Now that I understand how to get continuous correlation from the matched filter (as explained in my previous blog entry), I am trying to boost the SNR of the filter and fish out the instantaneous jump in correlation when there is a chirp.  As shown in the last blog entry, that spike can be buried in the ambient sound (usually of much lower frequency than the near-Nyquist frequency of the correlation spike).  One of my favorite techniques is to subtract the median of rolling time window: the median is superior to the mean in smoothing a signal in a high noise environment.  The only problem is that rolling median is hard to compute, unlike the rolling mean.  The most naive implementation will sort the content of the rolling window at every sample point.  Even with an O(N logN) sorting algorithm, the cost of sorting goes up quickly as the window size grows.  More sophisticated running median algorithm tries to keep an ordered rolling window.  I actually tried to do this with a doubly linked list, with a special pointer to the median, as shown in the sketch below.
Since I use a circular queue in all embedded projects, I was going to maintain a doubly linked circular buffer of size 1 greater than the window size, so that I could make the oldest element stale, and decide whether to move the median to the left or to right (or leave as is) depending on the combination of the values of the elements, as hinted at below.
This took me 2 nights of coding and debugging to get right.  Incidentally, problems like this come up often in SW interviews.  Here is the class that does all the heavy lifting:

template <typename T> class SortedQ {
    class dValue {
        friend class SortedQ;
    protected:
        dValue *_prev, *_next;
    public:
        T val;
        bool stale;
        inline void init(T v) { stale = false; val = v; }
        inline dValue* next() {
            return (!_next || !_next->stale) ? _next : _next->_next;
        }
        inline dValue* prev() {
            return (!_prev || !_prev->stale) ? _prev : _prev->_prev;
        }
        static int compare(const void* lp, const void* rp) {
            const dValue* *l = (const dValue**)lp;
            const dValue* *r = (const dValue**)rp;
            return (*l)->val - (*r)->val;
        }
        inline void rlink(dValue& right) { _next = &right; right._prev = this; }
        inline void llink(dValue& left) { _prev = &left; left._next = this; }
        inline void replace(dValue* old) {
            _prev = old->_prev; _next = old->_next;
            _prev->_next = _next->_prev = this;
        }
        void rinsert(dValue* newnode);
        void linsert(dValue* newnode);
        inline void dropout() {
            if (_next) _next->_prev = _prev;
            if (_prev) _prev->_next = _next;
        }
    };
public:
    static constexpr unsigned SIZE = 5;
    dValue arr[SIZE+1];
    SortedQ() {
        memset(arr, 0, sizeof(arr)); // mass-set pointers to 0
    }
    ~SortedQ() = default;
    void init();
    inline T& median() { return _median->val; }
    
    //Tail is where we will insert the NEXT sample to, so
    //head should be the slot AFTER the tail (circular).
    inline dValue* head() { return &arr[(_tail + 1) % (SIZE+1)]; }
    T& push(T& f);
    void print();
private:
    unsigned _tail;//In stable state, _tail points to the NEXT slot
    dValue* _median;

};

As evidenced by my slow coding speed, I think I am not a top-notch SW developer--especially given that my code assumes non-duplicate elements.  If I piqued your interest by tying this to SW interviews, the best known solution is to keep 2 separate ordered lists (that can report its size) on either side of the median, and to keep the 2 sides of equal length at all times.  A simple list has O(N) search and insertion time, so people use advanced data structures like balanced binary tree, or even skip list, for the O(logN) insertion and search time.  I can guarantee that such implementation will not be requested in a 45 minute SW interview!
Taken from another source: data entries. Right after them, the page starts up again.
(* Let $G$ be a game state and let $P$ be a game path starting at $G$ that follows the Split-First Strategy. Let $m$ be any move that the Split-First Strategy permits at $G$. Then there exists a game path $P'$ starting at $G$ whose first move is $m$, which follows the Split-First Strategy, and which has the same length as $P$.
   Context: Fibonacci numbers are indexed by $F_1=1$, $F_2=2$, $F_{i+1}=F_i+F_{i-1}$. A game state is a finite multiset of Fibonacci numbers (tracked by index). The legal moves are: $C_1$: replace $F_1,F_1$ by $F_2$; for $i\ge 2$, $C_i$: replace $F_{i-1},F_i$ by $F_{i+1}$ (a ''combining move''); $S_2$: replace $F_2,F_2$ by $F_1,F_3$; for $i\ge 3$, $S_i$: replace $F_i,F_i$ by $F_{i-2},F_{i+1}$ (a ''splitting move''). Here $C_1$ is grouped with the splitting moves, and ''combining move'' means $C_i$ with $i\ge 2$. Every sequence of legal moves is finite. A game path from a state $G$ is a sequence of legal moves starting at $G$ and continuing until no legal move is available; its length is its number of moves. A game path follows the Split-First Strategy if at each state along it: whenever some splitting move or $C_1$ is available, the move taken is one of those (any choice); otherwise the move taken is the combining move $C_i$ ($i\ge 2$) with the smallest index $i$ among those available. *)

From mathcomp Require Import all_boot.
Set Implicit Arguments. Unset Strict Implicit. Unset Printing Implicit Defensive.

(* A game state is a finite multiset of Fibonacci numbers F_i (i >= 1),
   represented by its multiplicity function: g i = number of copies of F_i. *)
Definition state := nat -> nat.

Definition game_state (g : state) : Prop :=
  g 0 = 0 /\ exists N, forall i, N <= i -> g i = 0.

(* Comb i = C_i (i >= 1; C_1 : F1,F1 -> F2; C_i : F_{i-1},F_i -> F_{i+1}),
   Split i = S_i (i >= 2; S_2 : F2,F2 -> F1,F3; S_i : F_i,F_i -> F_{i-2},F_{i+1}). *)
Inductive move := Comb of nat | Split of nat.

Definition legal (g : state) (m : move) : bool :=
  match m with
  | Comb i => if i == 1 then 2 <= g 1 else [&& 2 <= i, 1 <= g i.-1 & 1 <= g i]
  | Split i => if i == 2 then 2 <= g 2 else (3 <= i) && (2 <= g i)
  end.

Definition removed (m : move) (j : nat) : nat :=
  match m with
  | Comb i => if i == 1 then 2 * (j == 1) else (j == i.-1) + (j == i)
  | Split i => 2 * (j == i)
  end.

Definition added (m : move) (j : nat) : nat :=
  match m with
  | Comb i => if i == 1 then nat_of_bool (j == 2) else nat_of_bool (j == i.+1)
  | Split i => if i == 2 then (j == 1) + (j == 3) else (j == i - 2) + (j == i.+1)
  end.

Definition apply_move (g : state) (m : move) : state :=
  fun j => g j - removed m j + added m j.

Definition terminal (g : state) : Prop := forall m, legal g m = false.

Definition split_class (m : move) : bool :=
  match m with Comb i => i == 1 | Split _ => true end.

Definition sf_ok (g : state) (m : move) : Prop :=
  legal g m /\
  ((exists m', legal g m' /\ split_class m') -> split_class m) /\
  (~ (exists m', legal g m' /\ split_class m') ->
     exists i, m = Comb i /\ 2 <= i /\
       forall j, 2 <= j -> j < i -> legal g (Comb j) = false).

Fixpoint game_path (g : state) (ms : seq move) : Prop :=
  match ms with
  | [::] => terminal g
  | m :: ms' => legal g m /\ game_path (apply_move g m) ms'
  end.

Fixpoint follows_sf (g : state) (ms : seq move) : Prop :=
  match ms with
  | [::] => True
  | m :: ms' => sf_ok g m /\ follows_sf (apply_move g m) ms'
  end.

From Pilot Require Import Defs.
From mathcomp Require Import all_boot zify.
From Stdlib Require Import FunctionalExtensionality.
Set Implicit Arguments. Unset Strict Implicit.

(* A split-class move (C_1 or some S_i) consumes exactly two
   copies of a single Fibonacci number F_(source m), and distinct legal
   split-class moves have distinct sources.  Hence two legal split-class
   moves with different sources touch disjoint parts of the state: each stays
   legal after the other, and performing them in either order gives the same
   state (a diamond).  On the other hand, the moves permitted by the
   Split-First Strategy at a state are either a single combining move (the
   one of least index) or are all split-class.  The theorem follows by
   induction on P: if m is the first move m0 of P there is nothing to do;
   otherwise m and m0 are split-class moves with different sources, m is
   still permitted after m0, the induction hypothesis rebuilds the tail of P
   starting with m, and the diamond lets us swap m and m0. *)

(* A legal move never removes more copies than are present, so the truncated
   subtraction in [apply_move] is exact. *)
Lemma removed_le_legal g m j : legal g m -> removed m j <= g j.
Proof.
case: m => i /=.
- have [_|_] := eqVneq i 1; first by have [->|] := eqVneq j 1 => /=; lia.
  case/and3P=> hi h1 h2.
  by have [e1|] := eqVneq j i.-1; have [e2|] := eqVneq j i => /=;
    rewrite ?e1 ?e2; lia.
- have [->|_] := eqVneq i 2; first by have [->|] := eqVneq j 2 => /=; lia.
  by case/andP=> _; have [->|] := eqVneq j i => /=; lia.
Qed.

(* The index whose copies a split-class move consumes. *)
Definition source (m : move) : nat :=
  match m with Comb _ => 1 | Defs.Split i => i end.

Lemma removed_split_class m j :
  split_class m -> removed m j = 2 * (j == source m).
Proof. by case: m => i //= /eqP ->. Qed.

Lemma legal_split_mono g g' m : split_class m -> legal g m ->
  g (source m) <= g' (source m) -> legal g' m.
Proof.
case: m => i /=; first by move/eqP-> => /=; lia.
by move=> _; have [->|_] := eqVneq i 2 => /= [|/andP[-> ?]] /=; lia.
Qed.

Lemma source_inj g m m0 : legal g m -> legal g m0 ->
  split_class m -> split_class m0 -> source m = source m0 -> m = m0.
Proof.
have split_ge2 i : legal g (Defs.Split i) -> 2 <= i.
  by rewrite /=; have [->|_] := eqVneq i 2 => // /andP[]; lia.
case: m => i; case: m0 => i0 l l0 /= s s0 e.
- by rewrite (eqP s) (eqP s0).
- by move: (split_ge2 _ l0); rewrite -e.
- by move: (split_ge2 _ l); rewrite e.
- by rewrite e.
Qed.

Section Diamond.
Variables (g : state) (m m0 : move).
Hypotheses (lm : legal g m) (lm0 : legal g m0).
Hypotheses (sm : split_class m) (sm0 : split_class m0).
Hypothesis sources_differ : source m != source m0.

Let removed_disjoint j : removed m j = 0 \/ removed m0 j = 0.
Proof.
rewrite !removed_split_class //.
by have [->|] := eqVneq j (source m); [right; rewrite (negbTE sources_differ)|left].
Qed.

Lemma legal_after_split : legal (apply_move g m0) m.
Proof.
apply: (legal_split_mono sm lm); rewrite /apply_move.
have [h|h] := removed_disjoint (source m); last by rewrite h; lia.
by move: h; rewrite removed_split_class // eqxx.
Qed.

Lemma apply_move_comm :
  apply_move (apply_move g m) m0 = apply_move (apply_move g m0) m.
Proof.
apply: functional_extensionality => j; rewrite /apply_move.
have := removed_le_legal j lm; have := removed_le_legal j lm0.
have := removed_disjoint j; lia.
Qed.

End Diamond.

Lemma sf_ok_split_class g m : legal g m -> split_class m -> sf_ok g m.
Proof. by move=> l s; do 2 split=> //; case; exists m. Qed.

(* Two moves permitted at the same state are equal unless both are split-class:
   when no split-class move is legal, the permitted move is the unique legal
   combining move of least index. *)
Lemma sf_ok_cases g m m0 : sf_ok g m -> sf_ok g m0 ->
  m = m0 \/ [/\ split_class m & split_class m0].
Proof.
move=> [l [sc cb]] [l0 [sc0 cb0]].
have [s|ns] := boolP (split_class m).
  by right; split=> //; apply: sc0; exists m.
have nex : ~ exists m', legal g m' /\ split_class m'.
  by move=> ex; move: ns; rewrite sc.
left; have [i [em [hi mini]]] := cb nex; have [i0 [em0 [hi0 mini0]]] := cb0 nex.
subst m m0.
have [lt|] := ltnP i i0; first by move: (mini0 i hi lt); rewrite l.
rewrite leq_eqVlt => /orP[/eqP-> //|lt].
by move: (mini i0 hi0 lt); rewrite l0.
Qed.

(* The exchange property, without the (unneeded) finiteness assumption. *)
Lemma sf_path_exchange G P m :
  game_path G P -> follows_sf G P -> sf_ok G m ->
  exists rest : seq move,
    game_path G (m :: rest) /\ follows_sf G (m :: rest) /\
    size (m :: rest) = size P.
Proof.
elim: P G m => [|m0 P IH] G m /=.
  by move=> term _ [lm _]; move: (term m); rewrite lm.
move=> [l0 pathP] [ok0 sfP] okm.
have [->|[sm sm0]] := sf_ok_cases okm ok0; first by exists P.
have [lm _] := okm.
have [same|differ] := eqVneq (source m) (source m0).
  by rewrite (source_inj lm l0 sm sm0 same); exists P.
have lm_after : legal (apply_move G m0) m by exact: legal_after_split.
have [rest [[_ path_rest] [[_ sf_rest] size_rest]]] :=
  IH _ _ pathP sfP (sf_ok_split_class lm_after sm).
have lm0_after : legal (apply_move G m) m0.
  by apply: legal_after_split; rewrite // eq_sym.
exists (m0 :: rest) => /=; rewrite apply_move_comm //.
split; first by [].
split; first by split; [|split; first exact: sf_ok_split_class].
by move: size_rest => /= ->.
Qed.

Theorem lemma2p1 (G : state) (P : seq move) (m : move) :
  game_state G -> game_path G P -> follows_sf G P -> sf_ok G m ->
  exists rest : seq move,
    game_path G (m :: rest) /\ follows_sf G (m :: rest) /\
    size (m :: rest) = size P.
Proof. by move=> _; apply: sf_path_exchange. Qed.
So even for a seemingly simple task of keeping a sorted window, SW solution will be complicated; and I hate complexity.   As someone who is more interested in HW than the SW, there is bigger disappointment in the SW solution discussed above: there is no HW optimization!  The CPU is spending most of its time managing pointers, and the actual value comparison is only a minuscule portion of the total running time.  But in THIS problem, where the window size is fixed and known at design time, and the data is streaming in nature, there IS one important HW optimization possible: vector-wise sorting using sorting network.  The streaming nature of the data means that the sliding window of successive samples look like delayed version of the previous window, as illustrated below:
I can batch-sort a block of inputs going through this sorting window, by treating each delay (starting at delay 0) as a separate vector.  For the window size of 5, for example, there are 5 inputs going into my sorting network--which has a known optimum solution (both in number of comparisons and delay) discussed in The Art of Computer Programming, Vol 3 and reproduced on Ron Zeno's website.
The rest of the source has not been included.